*Data extracts:*
(* Let $L:\mathbb{R}^{n\times d}\to\mathbb{R}$ be a topological loss $L(X)=\ell(\mathrm{Dgm}(X))$, assumed lower bounded and locally semi-convex. Let $\tilde X:[0,\infty)\to\mathbb{R}^{n\times d}$ solve $$\frac{\mathrm{d}\tilde X}{\mathrm{d}t}=-\tilde v_t(\tilde X(t)),\qquad \tilde X(0)=X_0,$$ where, for each $t$, $\tilde v_t:\mathbb{R}^d\to\mathbb{R}^d$ is the diffeomorphic interpolation of the vanilla gradient $\nabla L(\tilde X(t))$ (defined in the context), and $\tilde v_t(\tilde X(t))$ is the $n\times d$ matrix whose $i$-th row is $\tilde v_t(\tilde X(t)_i)$. Then for each $t\ge 0$, $$\frac{\mathrm{d}L(\tilde X(t))}{\mathrm{d}t}=-\|\nabla L(\tilde X(t))\|^2\le 0.$$
   Context: For a point cloud $X=(x_1,\dots,x_n)\in\mathbb{R}^{n\times d}$, $\mathrm{Dgm}(X)$ is the persistence diagram of the Vietoris–Rips filtration of $X$, in which a simplex $\{x_{i_1},\dots,x_{i_p}\}$ is present at parameter $t$ iff all pairwise distances $\|x_{i_j}-x_{i_{j'}}\|\le t$. It is a finite multiset of points $(b,d)$ with $b\le d$, and $\ell$ is a real-valued function of persistence diagrams. $\nabla L(X)\in\mathbb{R}^{n\times d}$ is the gradient of $L$ at $X$, with $i$-th row $\nabla L(X)_i$. The paper treats $\nabla L$ as existing along the trajectory. Diffeomorphic interpolation: given $X=(x_1,\dots,x_n)$, let $I=\{i:\nabla L(X)_i\neq 0\}$ and $a_i=\nabla L(X)_i$ for $i\in I$. Let $\rho_\sigma(u)=e^{-u^2/(2\sigma^2)}$ for a fixed bandwidth $\sigma>0$. Let $\mathbf{K}$ be the block matrix $(\rho_\sigma(\|x_i-x_j\|)I_d)_{i,j\in I}$ and $\alpha=\mathbf{K}^{-1}a$, where $a=(a_i)_{i\in I}$. Define $$\tilde v(x)=\sum_{i\in I}\rho_\sigma(\|x-x_i\|)\,\alpha_i.$$ This is the minimal-norm element of the vector-valued Gaussian RKHS with $\tilde v(x_i)=a_i$ for all $i\in I$. At time $t$, $\tilde v_t$ is this construction applied to $X=\tilde X(t)$. *)

From HB Require Import structures.
From mathcomp Require Import all_boot all_order all_algebra.
From mathcomp Require Import all_classical all_reals all_analysis.
Set Implicit Arguments. Unset Strict Implicit. Unset Printing Implicit Defensive.
Import Order.TTheory GRing.Theory Num.Theory.
Import numFieldNormedType.Exports.
Local Open Scope ring_scope.
Local Open Scope classical_set_scope.

Section Defs.
Variable R : realType.

Definition sqnorm {m k : nat} (M : 'M[R]_(m, k)) : R :=
  \sum_(i < m) \sum_(j < k) M i j ^+ 2.
Definition enorm {m k : nat} (M : 'M[R]_(m, k)) : R := Num.sqrt (sqnorm M).
Definition frob_dot {m k : nat} (M N : 'M[R]_(m, k)) : R :=
  \sum_(i < m) \sum_(j < k) M i j * N i j.
Definition edist {d : nat} (x y : 'rV[R]_d) : R := enorm (x - y).

Section VR.
Variables (n d : nat).
Local Notation Simp := {set 'I_n}.
Local Notation N := #|{: Simp}|.

Definition vr_filt (X : 'M[R]_(n, d)) (S : Simp) : R :=
  \big[Num.max/0]_(i in S) \big[Num.max/0]_(j in S) edist (row i X) (row j X).

Definition simp_of (p : 'I_N) : Simp := enum_val p.

(* boundary over F_2, chains are row vectors indexed by enum_val : 'I_N -> Simp *)
Definition vr_boundary : 'M['F_2]_N :=
  \matrix_(p, q) ((simp_of q \subset simp_of p)
                  && (#|simp_of p| == #|simp_of q|.+1)
                  && (0 < #|simp_of q|)%N)%:R.

(* row space = k-chains of the VR complex at parameter t *)
Definition vr_chains (X : 'M[R]_(n, d)) (k : nat) (t : R) : 'M['F_2]_N :=
  \matrix_(p, q) ((p == q) && (#|simp_of p| == k.+1)%N
                  && (vr_filt X (simp_of p) <= t))%:R.

Definition vr_cycles X k t : 'M['F_2]_N := (vr_chains X k t :&: kermx vr_boundary)%MS.
Definition vr_bdries X k t : 'M['F_2]_N := (vr_chains X k.+1 t *m vr_boundary)%MS.

(* persistent Betti number: rank of H_k(K_s) -> H_k(K_t), s <= t *)
Definition pbetti X k (s t : R) : nat :=
  (\rank (vr_cycles X k s) - \rank (vr_cycles X k s :&: vr_bdries X k t)%MS)%N.

(* largest critical value strictly below x (or -1 < 0 if none: empty complex) *)
Definition vr_prev X (x : R) : R :=
  \big[Num.max/(-1)]_(S : Simp | vr_filt X S < x) vr_filt X S.

Definition is_crit X (x : R) : bool := [exists S : Simp, vr_filt X S == x].

(* multiplicity of the point (b, dth) in the degree-k diagram (finite points, b < dth) *)
Definition vr_mult X (k : nat) (b dth : R) : nat :=
  if (b < dth) && is_crit X b then
    let b' := vr_prev X b in let d' := vr_prev X dth in
    ((pbetti X k b d' + pbetti X k b' dth) - (pbetti X k b' d' + pbetti X k b dth))%N
  else 0%N.

End VR.

(* a persistence diagram (all homology degrees): multiplicity of each point (b,d) *)
Definition diagram := nat -> R -> R -> nat.
Definition Dgm {n d : nat} (X : 'M[R]_(n, d)) : diagram := vr_mult X.

Definition lower_bounded {n d : nat} (L : 'M[R]_(n, d) -> R) :=
  exists c : R, forall X, c <= L X.

Definition locally_semiconvex {n d : nat} (L : 'M[R]_(n, d) -> R) :=
  forall X0, exists r : R, 0 < r /\ exists lam : R, 0 <= lam /\
    forall X Y th, enorm (X - X0) < r -> enorm (Y - X0) < r -> 0 <= th <= 1 ->
      let f := fun Z => L Z + lam / 2 * sqnorm Z in
      f (th *: X + (1 - th) *: Y) <= th * f X + (1 - th) * f Y.

(* gradient: the matrix of partial derivatives (meaningful where L is differentiable) *)
Definition grad {n d : nat} (L : 'M[R]_(n, d) -> R) (X : 'M[R]_(n, d)) : 'M[R]_(n, d) :=
  \matrix_(i, j) ('d L X (delta_mx i j : 'M[R]_(n, d))).

Definition rho (sigma u : R) : R := expR (- (u ^+ 2) / (2 * sigma ^+ 2)).

Section Interp.
Variables (n d : nat) (sigma : R) (X G : 'M[R]_(n, d)).
Definition Iset : {set 'I_n} := [set i | row i G != 0].
Local Notation m := #|Iset|.
Definition Ie (i : 'I_m) : 'I_n := enum_val (A := Iset) i.
Definition Kmat : 'M[R]_(\sum_(i < m) d, \sum_(j < m) d) :=
  \mxblock_(i < m, j < m)
     ((rho sigma (edist (row (Ie i) X) (row (Ie j) X)))%:M : 'M[R]_d).
Definition avec : 'M[R]_(\sum_(i < m) d, 1) :=
  \mxcol_(i < m) ((row (Ie i) G)^T : 'M[R]_(d, 1)).
Definition alpha : 'M[R]_(\sum_(i < m) d, 1) := invmx Kmat *m avec.
Definition vtilde (x : 'rV[R]_d) : 'rV[R]_d :=
  \sum_(i < m) rho sigma (edist x (row (Ie i) X)) *: (submxcol alpha i)^T.
Definition vtilde_pts : 'M[R]_(n, d) := \matrix_(i, k) vtilde (row i X) 0 k.
End Interp.

(* derivative relative to the half-line [0, +oo): two-sided for t > 0, right one at t = 0 *)
Definition has_deriv_half {V : normedModType R} (f : R -> V) (t : R) (v : V) :=
  (fun h : R => h^-1 *: (f (t + h) - f t)) @ within [set h | 0 <= t + h] (0^') --> v.

End Defs.

(* Since K alpha = a, the interpolant vtilde reproduces the gradient row
   at every point x_i where that row is nonzero, and the remaining rows of the
   gradient vanish; hence <vtilde(X), grad L(X)> = |grad L(X)|^2.  The chain
   rule for the derivative relative to [0, +oo) then gives
   d/dt L(X t) = - 'd L (vtilde(X t)) = - |grad L(X t)|^2. *)

From HB Require Import structures.
From mathcomp Require Import all_boot all_order all_algebra.
From mathcomp Require Import all_classical all_reals all_analysis.
Import Order.TTheory GRing.Theory Num.Theory.
Import numFieldNormedType.Exports.
Local Open Scope ring_scope.
Local Open Scope classical_set_scope.
Set Implicit Arguments.
Unset Strict Implicit.

Section OneSidedDerivative.
Variables (R : realType) (V W : normedModType R).

Lemma scaled_littleo_cvg0 (A : set R) (e : V -> W) (F : R -> V) (v : V) :
  (forall eps, 0 < eps -> \forall D \near (0 : V), `|e D| <= eps * `|D|) ->
  F @ within A 0^' --> v ->
  (fun h => h^-1 *: e (h *: F h)) @ within A 0^' --> (0 : W).
Proof.
move=> e_small Fv; set G := within A 0^' in Fv *.
have hF0 : (fun h => h *: F h) @ G --> (0 : V).
  rewrite -(scale0r v); apply: cvgZ => //.
  by apply: cvg_within_filter; apply: cvg_within_filter; exact: cvg_id.
have h_neq0 : \forall h \near G, h != 0.
  exact: (cvg_within _ (nbhs_dnbhs_neq (0 : R))).
apply/cvgr0Pnorm_le => eps eps0.
pose M := `|v| + 1.
have M0 : 0 < M by rewrite /M ltr_wpDl.
have F_bounded : \forall h \near G, `|F h| <= M.
  by apply: (@cvgr_norm_le _ _ _ G _ F v Fv M); rewrite /M ltrDl.
have e_bounded : \forall h \near G, `|e (h *: F h)| <= eps / M * `|h *: F h|.
  exact: hF0 _ (e_small _ (divr_gt0 eps0 M0)).
near=> h.
have h0 : h != 0 by near: h.
have eh : `|e (h *: F h)| <= eps / M * `|h *: F h| by near: h.
have Fh : `|F h| <= M by near: h.
rewrite normrZ normfV ler_pdivrMl ?normr_gt0 //.
apply: (le_trans eh); rewrite normrZ mulrCA ler_wpM2l ?normr_ge0 //.
by rewrite mulrAC ler_pdivrMr // ler_wpM2l // ltW.
Unshelve. all: by end_near. Qed.

Lemma has_deriv_half_comp (f : V -> W) (x : R -> V) (t : R) (v : V) :
  differentiable f (x t) -> has_deriv_half x t v ->
  has_deriv_half (f \o x) t ('d f (x t) v).
Proof.
move=> df xv; rewrite /has_deriv_half.
pose e D := f (D + x t) - (f (x t) + 'd f (x t) D).
have e_small : forall eps, 0 < eps -> \forall D \near (0 : V), `|e D| <= eps * `|D|.
  by move=> eps eps0; have /eqaddoP := diff_locally df; apply.
pose F h := h^-1 *: (x (t + h) - x t).
have -> : (fun h => h^-1 *: ((f \o x) (t + h) - (f \o x) t)) =
          (fun h => 'd f (x t) (F h) + h^-1 *: e (h *: F h)).
  apply/funext => h; have [->|h0] := eqVneq h 0.
    by rewrite /F invr0 !scale0r raddf0 addr0.
  rewrite /F scalerA mulfV // scale1r /e subrK linearZ /= -scalerDr.
  by congr (_ *: _); rewrite [RHS]addrC opprD addrA subrK.
rewrite -[X in _ --> X]addr0; apply: cvgD; last exact: scaled_littleo_cvg0 xv.
by apply: continuous_cvg; [exact: diff_continuous | exact: xv].
Qed.

End OneSidedDerivative.

Section Interpolation.
Variables (R : realType) (n d : nat) (sigma : R) (X G : 'M[R]_(n, d)).
Hypothesis K_unit : Kmat sigma X G \in unitmx.

Lemma vtilde_interp (k : 'I_#|Iset G|) :
  vtilde sigma X G (row (Ie k) X) = row (Ie k) G.
Proof.
have /(congr1 (fun M => submxcol M k)) : Kmat sigma X G *m alpha sigma X G = avec G.
  by rewrite /alpha mulKVmx.
rewrite /avec mxcolK -(submxcolK (alpha sigma X G)) /Kmat mul_mxblock_mxrow mxcolK.
move=> /(congr1 trmx); rewrite trmxK => <-.
rewrite /vtilde linear_sum /=; apply: eq_bigr => j _.
by rewrite mul_scalar_mx linearZ.
Qed.

Lemma frob_dot_vtilde_pts : frob_dot (vtilde_pts sigma X G) G = sqnorm G.
Proof.
apply: eq_bigr => i _; apply: eq_bigr => j _; rewrite expr2.
have [iI|iNI] := boolP (i \in Iset G).
  have := vtilde_interp (enum_rank_in iI i); rewrite /Ie enum_rankK_in // => vi.
  by rewrite mxE vi mxE.
have /eqP/matrixP/(_ 0 j) : row i G == 0 by move: iNI; rewrite inE negbK.
by rewrite !mxE => ->; rewrite !mulr0.
Qed.

End Interpolation.

Lemma diff_frob_dot_grad (R : realType) (n d : nat) (L : 'M[R]_(n, d) -> R)
    (X M : 'M[R]_(n, d)) :
  'd L X M = frob_dot M (grad L X).
Proof.
rewrite {1}(matrix_sum_delta M) raddf_sum; apply: eq_bigr => i _.
by rewrite raddf_sum; apply: eq_bigr => j _; rewrite /grad mxE; exact: linearZ.
Qed.

Lemma sqnorm_ge0 (R : realType) (m k : nat) (M : 'M[R]_(m, k)) : 0 <= sqnorm M.
Proof. by apply: sumr_ge0 => i _; apply: sumr_ge0 => j _; exact: sqr_ge0. Qed.

Theorem proposition1 (R : realType) (n d : nat) (sigma : R) (ell : diagram R -> R)
    (Xt : R -> 'M[R]_(n, d)) (X0 : 'M[R]_(n, d)) :
  0 < sigma ->
  let L := fun X : 'M[R]_(n, d) => ell (Dgm X) in
  lower_bounded L ->
  locally_semiconvex L ->
  (* the gradient exists along the trajectory *)
  (forall t, 0 <= t -> differentiable L (Xt t)) ->
  (* the interpolation is well defined: the kernel block matrix is invertible *)
  (forall t, 0 <= t -> Kmat sigma (Xt t) (grad L (Xt t)) \in unitmx) ->
  Xt 0 = X0 ->
  (forall t, 0 <= t ->
     has_deriv_half Xt t (- vtilde_pts sigma (Xt t) (grad L (Xt t)))) ->
  forall t, 0 <= t ->
    has_deriv_half (fun s => L (Xt s)) t (- sqnorm (grad L (Xt t))) /\
    - sqnorm (grad L (Xt t)) <= 0.
Proof.
move=> _ L _ _ L_diff K_unit _ Xt_deriv t t_ge0.
split; last by rewrite oppr_le0 sqnorm_ge0.
have := has_deriv_half_comp (L_diff t t_ge0) (Xt_deriv t t_ge0).
by rewrite linearN /= diff_frob_dot_grad frob_dot_vtilde_pts //; exact: K_unit.
Qed.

*Exercise requirements:* Take the entries above and return only the lines from the one with "p| == #|simp_of q|.+1)" to the one with "Definition diagram := nat -> R -> R -> nat.", both included, unchanged.

*Written solution:*
                  && (#|simp_of p| == #|simp_of q|.+1)
                  && (0 < #|simp_of q|)%N)%:R.

(* row space = k-chains of the VR complex at parameter t *)
Definition vr_chains (X : 'M[R]_(n, d)) (k : nat) (t : R) : 'M['F_2]_N :=
  \matrix_(p, q) ((p == q) && (#|simp_of p| == k.+1)%N
                  && (vr_filt X (simp_of p) <= t))%:R.

Definition vr_cycles X k t : 'M['F_2]_N := (vr_chains X k t :&: kermx vr_boundary)%MS.
Definition vr_bdries X k t : 'M['F_2]_N := (vr_chains X k.+1 t *m vr_boundary)%MS.

(* persistent Betti number: rank of H_k(K_s) -> H_k(K_t), s <= t *)
Definition pbetti X k (s t : R) : nat :=
  (\rank (vr_cycles X k s) - \rank (vr_cycles X k s :&: vr_bdries X k t)%MS)%N.

(* largest critical value strictly below x (or -1 < 0 if none: empty complex) *)
Definition vr_prev X (x : R) : R :=
  \big[Num.max/(-1)]_(S : Simp | vr_filt X S < x) vr_filt X S.

Definition is_crit X (x : R) : bool := [exists S : Simp, vr_filt X S == x].

(* multiplicity of the point (b, dth) in the degree-k diagram (finite points, b < dth) *)
Definition vr_mult X (k : nat) (b dth : R) : nat :=
  if (b < dth) && is_crit X b then
    let b' := vr_prev X b in let d' := vr_prev X dth in
    ((pbetti X k b d' + pbetti X k b' dth) - (pbetti X k b' d' + pbetti X k b dth))%N
  else 0%N.

End VR.

(* a persistence diagram (all homology degrees): multiplicity of each point (b,d) *)
Definition diagram := nat -> R -> R -> nat.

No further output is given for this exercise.